I was also alone, so I had no idea if I was fast or slow, but the arrival of muscle cramps suggested I wasn’t able to go any faster. Not the odd angry foot kind, either: the kind that had me watching the ripples of my quad like some creature from Alien was going to emerge out of my flesh. But also my calves, some unnamed muscle on my shin, my left foot, my right hand, and my triceps.
Every half mile or so, I would flop onto the ground in a twisted supine lump and flail about clutching this or that body part and wailing as quietly as I could. I was acutely aware that I was prime cougar food, lying maimed on the side of a road. Crispy on the edges from the sun, fine layer of salt, tenderized flanks.
Commitment to the bad idea is part of what makes it bad. We bad idea-ers have a belief that upon the other side of the bad idea lies a “worth it” so powerful, the idea will be redeemed. This is a farce. Sometimes, we’re so far into the bad idea that it morphs into the only idea, so you try to convince yourself it is actually good. This is not a good idea, which is not the same as a bad idea, but close.
As I pushed my bike to the last switchback, I saw a structure that told me I was in-bounds of the resort. It felt almost like hope until I peered up the dusty, rocky, even-steeper ridge toward the summit. Not that I could see it yet. Just a dirt-cloud following a train of UTVs that waved at me as they motored on by. Not a bad idea.

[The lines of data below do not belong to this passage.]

(* Let $\mathcal{H}$ be a complex separable Hilbert space and let $T = MN - NM$ where $M, N \in \mathcal{B}(\mathcal{H})$ satisfy $M^2 = 0 = N^2$. Then for every $0 \ne \alpha \in \mathbb{C}$ and every integer $k \ge 1$, \[ \dim \ker (T - \alpha I)^k = \dim \ker (T + \alpha I)^k. \] *)

From HB Require Import structures.
From mathcomp Require Import all_boot all_order all_algebra.
From mathcomp Require Import reals.
From mathcomp.real_closed Require Import complex.
Set Implicit Arguments. Unset Strict Implicit. Unset Printing Implicit Defensive.
Import Order.TTheory GRing.Theory Num.Theory.
Local Open Scope ring_scope.

Section Hilbert.
Variable R : realType.
Local Notation C := (R[i]).
Variable V : lmodType C.

Definition is_inner_product (ip : V -> V -> C) : Prop :=
  [/\ (forall (a : C) (x y z : V), ip (a *: x + y) z = a * ip x z + ip y z),
      (forall x y : V, ip y x = conjc (ip x y)),
      (forall x : V, 0 <= ip x x) &
      (forall x : V, ip x x = 0 -> x = 0)].

Definition ipnorm (ip : V -> V -> C) (x : V) : R := Num.sqrt (complex.Re (ip x x)).

Definition ip_complete (ip : V -> V -> C) : Prop :=
  forall u : nat -> V,
    (forall e : R, 0 < e -> exists N : nat, forall m n : nat,
        (N <= m)%N -> (N <= n)%N -> ipnorm ip (u m - u n) < e) ->
    exists l : V, forall e : R, 0 < e -> exists N : nat, forall n : nat,
        (N <= n)%N -> ipnorm ip (u n - l) < e.

Definition ip_separable (ip : V -> V -> C) : Prop :=
  exists d : nat -> V, forall (x : V) (e : R), 0 < e ->
    exists n : nat, ipnorm ip (x - d n) < e.

Definition separable_hilbert (ip : V -> V -> C) : Prop :=
  [/\ is_inner_product ip, ip_complete ip & ip_separable ip].

Definition bounded_op (ip : V -> V -> C) (A : V -> V) : Prop :=
  linear A /\ exists c : R, forall x : V, ipnorm ip (A x) <= c * ipnorm ip x.

Definition has_dim (S : V -> Prop) (n : nat) : Prop :=
  exists b : 'I_n -> V,
    [/\ (forall i, S (b i)),
        (forall c : 'I_n -> C, \sum_(i < n) c i *: b i = 0 -> forall i, c i = 0) &
        (forall x, S x -> exists c : 'I_n -> C, x = \sum_(i < n) c i *: b i)].

(* Equality of dimensions in {0,1,2,...} u {infinite}: the two subspaces
   have the same finite dimension, or are both infinite-dimensional. *)
Definition same_dim (S1 S2 : V -> Prop) : Prop :=
  forall n : nat, has_dim S1 n <-> has_dim S2 n.

Definition kerop (A : V -> V) : V -> Prop := fun x => A x = 0.

End Hilbert.

From HB Require Import structures.
From mathcomp Require Import all_boot all_order all_algebra.
From mathcomp Require Import reals.
From mathcomp.real_closed Require Import complex.
Import Order.TTheory GRing.Theory Num.Theory.
Local Open Scope ring_scope.

(* Put L := M + N.  From M^2 = N^2 = 0 one gets L T = - T L and T^2 = L^4.
   Anticommutation makes L map ker (T - a)^k into ker (T + a)^k and back.
   Since a != 0, T is invertible on ker (T - a)^k; hence L is injective there
   (L x = 0 forces T^2 x = L^4 x = 0), and onto ker (T + a)^k, because every y
   in it is T^2 z = L (L^3 z) with z in ker (T + a)^k.  So L is a linear
   bijection between the two kernels. *)

Section LinearFun.
Context {K : pzRingType} {U W : lmodType K} {f : U -> W}.
Hypothesis f_lin : linear f.

Let f_linear : {linear U -> W} :=
  HB.pack_for {linear U -> W} f (GRing.isLinear.Build _ _ _ _ f f_lin).

Lemma lin0 : f 0 = 0. Proof. exact: (raddf0 f_linear). Qed.
Lemma linD x y : f (x + y) = f x + f y. Proof. exact: (raddfD f_linear). Qed.
Lemma linN x : f (- x) = - f x. Proof. exact: (raddfN f_linear). Qed.
Lemma linB x y : f (x - y) = f x - f y. Proof. exact: (raddfB f_linear). Qed.
Lemma linZ a x : f (a *: x) = a *: f x. Proof. exact: (linearZZ f_linear). Qed.

Lemma lin_sum n (c : 'I_n -> K) (b : 'I_n -> U) :
  f (\sum_(i < n) c i *: b i) = \sum_(i < n) c i *: f (b i).
Proof. by rewrite (big_morph f linD lin0); apply: eq_bigr => i _; apply: linZ. Qed.

End LinearFun.

Section LinearEndo.
Context {K : pzRingType} {V : lmodType K}.

Lemma linear_iter {f : V -> V} k : linear f -> linear (iter k f).
Proof. by move=> f_lin; elim: k => [|k IHk] a u v //=; rewrite IHk f_lin. Qed.

Lemma commutator_linear {f g : V -> V} : linear f -> linear g ->
  linear (fun x => f (g x) - g (f x)).
Proof.
move=> f_lin g_lin a u v.
by rewrite (g_lin a) (f_lin a) (f_lin a) (g_lin a) scalerBr opprD addrACA.
Qed.

Lemma sum_linear {f g : V -> V} : linear f -> linear g -> linear (fun x => f x + g x).
Proof. by move=> f_lin g_lin a u v; rewrite f_lin g_lin scalerDr addrACA. Qed.

Section SquareZero.
Context {M N : V -> V}.
Hypotheses (M_lin : linear M) (N_lin : linear N).
Hypotheses (M2 : forall x, M (M x) = 0) (N2 : forall x, N (N x) = 0).

Let T x := M (N x) - N (M x).
Let L x := M x + N x.

Lemma sum_anticommutes_commutator x : L (T x) = - T (L x).
Proof.
rewrite /T /L !(linB M_lin, linB N_lin, linD M_lin, linD N_lin, linN M_lin, linN N_lin).
by rewrite !(M2, N2) !(lin0 M_lin, lin0 N_lin, oppr0) !(add0r, addr0, subr0) opprB addrC.
Qed.

Lemma commutator_sqr x : T (T x) = L (L (L (L x))).
Proof.
rewrite /T /L !(linB M_lin, linB N_lin, linD M_lin, linD N_lin, linN M_lin, linN N_lin).
by rewrite !(M2, N2) !(lin0 M_lin, lin0 N_lin, oppr0) !(add0r, addr0, subr0, opprK).
Qed.

End SquareZero.
End LinearEndo.

Definition shift {K : pzRingType} {V : lmodType K} (T : V -> V) (b : K) :=
  fun x => T x - b *: x.

Section GeneralizedEigenspaces.
Context {K : fieldType} {V : lmodType K} {T : V -> V}.

Lemma iter_shift_commute (S : V -> V) b k x : linear S ->
  (forall y, S (T y) = T (S y)) ->
  iter k (shift T b) (S x) = S (iter k (shift T b) x).
Proof.
move=> S_lin ST; elim: k => [|k IHk] //=.
by rewrite IHk /shift (linB S_lin) (linZ S_lin) ST.
Qed.

Hypothesis T_lin : linear T.

Lemma shift_linear b : linear (shift T b).
Proof.
by move=> a u v; rewrite /shift T_lin scalerDr scalerBr !scalerA mulrC opprD addrACA.
Qed.

Lemma iter_shift_anticommute (S : V -> V) b k x : linear S ->
  (forall y, S (T y) = - T (S y)) ->
  iter k (shift T (- b)) (S x) = (-1) ^+ k *: S (iter k (shift T b) x).
Proof.
move=> S_lin ST; elim: k => [|k IHk] /=; first by rewrite scale1r.
rewrite IHk (linZ (shift_linear _)) exprSr -scalerA; congr (_ *: _).
by rewrite /shift (linB S_lin) (linZ S_lin) ST !scaleNr scale1r opprD !opprK.
Qed.

Context {b : K}.
Hypothesis b_neq0 : b != 0.

(* On ker T the operator T - b acts as the invertible scalar -b. *)
Lemma ker_iter_shift_T_inj k x : iter k (shift T b) x = 0 -> T x = 0 -> x = 0.
Proof.
move=> Ex0 Tx0.
have Ej j : iter j (shift T b) x = (- b) ^+ j *: x.
  elim: j => [|j IHj] /=; first by rewrite scale1r.
  by rewrite IHj (linZ (shift_linear _)) /shift Tx0 sub0r exprSr -scalerA scaleNr.
by move/eqP: Ex0; rewrite Ej scaler_eq0 expf_eq0 oppr_eq0 (negbTE b_neq0) andbF => /eqP.
Qed.

(* If (T - b) x = T w then x = T (b^-1 (x - w)). *)
Lemma ker_iter_shift_T_onto k x : iter k (shift T b) x = 0 ->
  exists2 y, iter k (shift T b) y = 0 & T y = x.
Proof.
elim: k x => [|k IHk] x Ex0; first by move: Ex0 => /= ->; exists 0; rewrite ?(lin0 T_lin).
have /IHk [w Ew0 Tw] : iter k (shift T b) (shift T b x) = 0 by rewrite -iterSr.
have E_lin := linear_iter k.+1 (shift_linear b).
exists (b^-1 *: (x - w)).
  by rewrite (linZ E_lin) (linB E_lin) Ex0 iterS Ew0 (lin0 (shift_linear b)) subrr scaler0.
by rewrite (linZ T_lin) (linB T_lin) Tw /shift opprB addrC addrNK scalerA mulVf // scale1r.
Qed.

End GeneralizedEigenspaces.

Section Anticommuting.
Context {K : fieldType} {V : lmodType K} {T L : V -> V}.
Hypotheses (T_lin : linear T) (L_lin : linear L) (LT : forall x, L (T x) = - T (L x)).
Hypothesis TT : forall x, T (T x) = L (L (L (L x))).

Lemma L_maps_ker_iter_shift c k x :
  iter k (shift T c) x = 0 -> iter k (shift T (- c)) (L x) = 0.
Proof.
move=> Ex0.
by rewrite (iter_shift_anticommute T_lin _ _ _ _ L_lin LT) Ex0 (lin0 L_lin) scaler0.
Qed.

Context {b : K}.
Hypothesis b_neq0 : b != 0.

Lemma L_inj_ker_iter_shift k x : iter k (shift T b) x = 0 -> L x = 0 -> x = 0.
Proof.
move=> Ex0 Lx0.
have ETx0 : iter k (shift T b) (T x) = 0.
  by rewrite (iter_shift_commute _ _ _ _ T_lin) // Ex0 (lin0 T_lin).
have TTx0 : T (T x) = 0 by rewrite TT Lx0 !(lin0 L_lin).
apply: (ker_iter_shift_T_inj T_lin b_neq0 _ _ Ex0).
exact: (ker_iter_shift_T_inj T_lin b_neq0 _ _ ETx0).
Qed.

Lemma L_onto_ker_iter_shift k y : iter k (shift T (- b)) y = 0 ->
  exists2 x, iter k (shift T b) x = 0 & L x = y.
Proof.
have Nb_neq0 : - b != 0 by rewrite oppr_eq0.
have L_maps_opp c v : iter k (shift T (- c)) v = 0 -> iter k (shift T c) (L v) = 0.
  by rewrite -{2}[c]opprK; apply: L_maps_ker_iter_shift.
have T_onto := ker_iter_shift_T_onto T_lin Nb_neq0.
move=> /T_onto [z /T_onto [u Eu0 <-] <-].
exists (L (L (L u))); last by rewrite TT.
by apply: (L_maps_opp); apply: L_maps_ker_iter_shift; apply: (L_maps_opp).
Qed.

End Anticommuting.

Section Dimension.
Context {R : realType}.

Lemma has_dim_kerop_bij {U W : lmodType R[i]} (F : U -> U) (G : W -> W) (L : U -> W) n :
  linear F -> linear L ->
  (forall x, F x = 0 -> G (L x) = 0) ->
  (forall x, F x = 0 -> L x = 0 -> x = 0) ->
  (forall y, G y = 0 -> exists2 x, F x = 0 & L x = y) ->
  has_dim (kerop F) n -> has_dim (kerop G) n.
Proof.
move=> F_lin L_lin L_maps L_inj L_onto [e [Fe0 e_free e_span]].
exists (fun i => L (e i)); split.
- by move=> i; apply/L_maps/Fe0.
- move=> c Lc0; apply: e_free; apply: L_inj; last by rewrite (lin_sum L_lin).
  by rewrite (lin_sum F_lin) big1 // => i _; rewrite Fe0 scaler0.
- move=> y /L_onto [x /e_span [c ->] <-].
  by exists c; rewrite (lin_sum L_lin).
Qed.

Lemma has_dim_ext (V : lmodType R[i]) (S S' : V -> Prop) n :
  (forall x, S x <-> S' x) -> has_dim S n -> has_dim S' n.
Proof.
move=> SS' [e [Se e_free e_span]]; exists e; split=> // [i|x /SS' /e_span //].
exact/SS'.
Qed.

Lemma same_dim_kerop_ext (V : lmodType R[i]) (S : V -> Prop) (G G' : V -> V) :
  G =1 G' -> same_dim S (kerop G) -> same_dim S (kerop G').
Proof.
by move=> GG' SG n; rewrite SG; split; apply: has_dim_ext => x; rewrite /kerop GG'.
Qed.

Lemma same_dim_ker_iter_shift_opp {V : lmodType R[i]} {T L : V -> V} {b : R[i]} k :
  linear T -> linear L ->
  (forall x, L (T x) = - T (L x)) -> (forall x, T (T x) = L (L (L (L x)))) ->
  b != 0 ->
  same_dim (kerop (iter k (shift T b))) (kerop (iter k (shift T (- b)))).
Proof.
move=> T_lin L_lin LT TT.
have E_lin c := linear_iter k (shift_linear T_lin c).
have L_transfer (c : R[i]) n : c != 0 ->
    has_dim (kerop (iter k (shift T c))) n ->
    has_dim (kerop (iter k (shift T (- c)))) n.
  move=> c_neq0; apply: (has_dim_kerop_bij _ _ _ _ (E_lin c) L_lin).
  - exact: L_maps_ker_iter_shift.
  - exact: L_inj_ker_iter_shift.
  - exact: L_onto_ker_iter_shift.
move=> b_neq0 n; split; first exact: L_transfer.
by rewrite -{2}[b]opprK; apply: L_transfer; rewrite oppr_eq0.
Qed.

End Dimension.

Theorem theorem2p08 (R : realType) (V : lmodType R[i]) (ip : V -> V -> R[i])
  (HV : separable_hilbert ip) (M N : V -> V)
  (HM : bounded_op ip M) (HN : bounded_op ip N)
  (HM2 : forall x, M (M x) = 0) (HN2 : forall x, N (N x) = 0)
  (alpha : R[i]) (Halpha : alpha != 0) (k : nat) (Hk : (1 <= k)%N) :
  let T := fun x => M (N x) - N (M x) in
  same_dim (kerop (iter k (fun x => T x - alpha *: x)))
           (kerop (iter k (fun x => T x + alpha *: x))).
Proof.
move=> T; have [M_lin _] := HM; have [N_lin _] := HN.
have := same_dim_ker_iter_shift_opp k (commutator_linear M_lin N_lin)
  (sum_linear M_lin N_lin) (sum_anticommutes_commutator M_lin N_lin HM2 HN2)
  (commutator_sqr M_lin N_lin HM2 HN2) Halpha.
by apply: same_dim_kerop_ext; apply: eq_iter => x; rewrite /shift scaleNr opprK.
Qed.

I drug myself like a filth-coated sloth up the terrain, leaning on my handlebars in exhausted dejection. When I finally made it to the top, there were couples sitting on benches, families having picnics and taking pictures, clean people coming in and out of the restaurant. I hobbled by on blistered feet and ignored the view they were all enjoying. I’d seen it before, and it was definitely not worth it.
While considering my own ride back down the mountain and the pressure-wash I needed once I got home, I noticed other bikers. Throngs of them in their armor and full-faced helmets. They were laughing and chatting like they were actually having fun. They hooted and high-fived as they pulled their bikes off the chairlift that had carried them to the top, then they rung their bells as they descended the playful trails all the way down the mountain and back to their cars.
And that is what a good idea looks like.